In 2021, Hauser played Horace Badun in the crime comedy-drama Cruella, a Disney live-action prequel/spin-off of One Hundred and One Dalmatians. Hauser also starred as Raymond Porter, better known by his nickname Stingray, in Cobra Kai. He appeared as a recurring character in Season 2, and a major anti-hero in Seasons 4 & 5. Although known for his comedic turns, Hauser gained broad recognition and critical praise for his portrayal of the serial killer Larry Hall in the 2022 Apple TV+ true crime miniseries Black Bird, adapted from James Keene's memoir In with the Devil. Critic Nick Schager wrote of Hauser's performance, "even in a sea of maniacal villains, his Larry Hall stands out as a uniquely cunning madman, so unpredictable and unnerving as to be downright unforgettable."

In 2022, Hauser debuted as a rapper under the moniker Signet Ringer.
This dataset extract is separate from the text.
(* $\mathrm{HS}_{\mathsf{lin}}$ is at least exponentially more succinct than $\mathrm{LTL}$: there is a family of $\mathrm{HS}$ formulas $(\psi_n)_{n\ge1}$ such that, for every $n$, no $\mathrm{LTL}$ formula equivalent to $\psi_n$ (equivalence meaning: for every finite Kripke structure $K$, $K\models_{\mathsf{lin}}\psi_n$ iff $K\models\varphi$) has size bounded by a polynomial in $|\psi_n|$.
   Context: A Kripke structure over a finite set $\mathcal{AP}$ of proposition letters is $K=(\mathcal{AP},S,\delta,\mu,s_0)$ with state set $S$, left-total transition relation $\delta\subseteq S\times S$, labelling $\mu:S\to 2^{\mathcal{AP}}$, initial state $s_0$; $K$ is finite if $S$ is finite. An infinite path is an infinite sequence $\pi$ of states with $(\pi(i),\pi(i+1))\in\delta$; it is initial if $\pi(0)=s_0$. The size $|\varphi|$ of a formula is its number of symbols/subformulas. $\mathrm{HS}$ formulas: $\psi::=p\mid\neg\psi\mid\psi\wedge\psi\mid\langle X\rangle\psi$, $X$ ranging over the Allen relations $A,L,B,E,D,O$ and their inverses $\bar A,\dots,\bar O$; $[X]\psi:=\neg\langle X\rangle\neg\psi$. Under the non-strict semantics all modalities are definable from $\langle B\rangle,\langle E\rangle,\langle\bar B\rangle,\langle\bar E\rangle$. Trace-based semantics: for an infinite path $\pi$, intervals are $[i,j]$ with $0\le i\le j$; $[i,j]\models p$ iff $p\in\mu(\pi(h))$ for all $i\le h\le j$; $[x,y]\models\langle B\rangle\psi$ iff $[x,z]\models\psi$ for some $x\le z<y$; $[x,y]\models\langle E\rangle\psi$ iff $[v,y]\models\psi$ for some $x<v\le y$; $[x,y]\models\langle\bar B\rangle\psi$ iff $[x,z]\models\psi$ for some $z>y$; $[x,y]\models\langle\bar E\rangle\psi$ iff $[v,y]\models\psi$ for some $v<x$. $K\models_{\mathsf{lin}}\psi$ iff for every initial infinite path $\pi$ and every $i\ge0$, $[0,i]\models\psi$ in $\pi$; $\mathrm{HS}_{\mathsf{lin}}$ is $\mathrm{HS}$ under this semantics. $\mathrm{LTL}$: $\varphi::=\top\mid p\mid\neg\varphi\mid\varphi\wedge\varphi\mid\mathsf X\varphi\mid\varphi\,\mathsf U\,\varphi$ with the standard semantics over infinite paths; $K\models\varphi$ iff $\pi,0\models\varphi$ for every initial infinite path $\pi$. *)

From mathcomp Require Import all_boot.
Set Implicit Arguments. Unset Strict Implicit. Unset Printing Implicit Defensive.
He released his first EP, Murder for Higher, on July 8, 2022.

In 2024, he voiced a lead role in the DreamWorks Animation film Orion and the Dark and the role of Embarrassment in the Pixar film Inside Out 2. In 2024, Hauser became attached to the true-crime drama Fruitcake alongside Jennifer Garner; the lead role in a bio-pic about actor-comedian Chris Farley; a reboot of The Naked Gun franchise; the Marvel Cinematic Universe film The Fantastic Four: First Steps (2025); a biographical film about Bruce Springsteen titled Springsteen: Deliver Me from Nowhere in the role of recording engineer and guitar tech Mike Batlan; and the comedy Balls Up alongside Mark Wahlberg. That same year, he starred in The Luckiest Man in America, in which he plays Michael Larson, a contestant accused of cheating on the game show Press Your Luck in 1984.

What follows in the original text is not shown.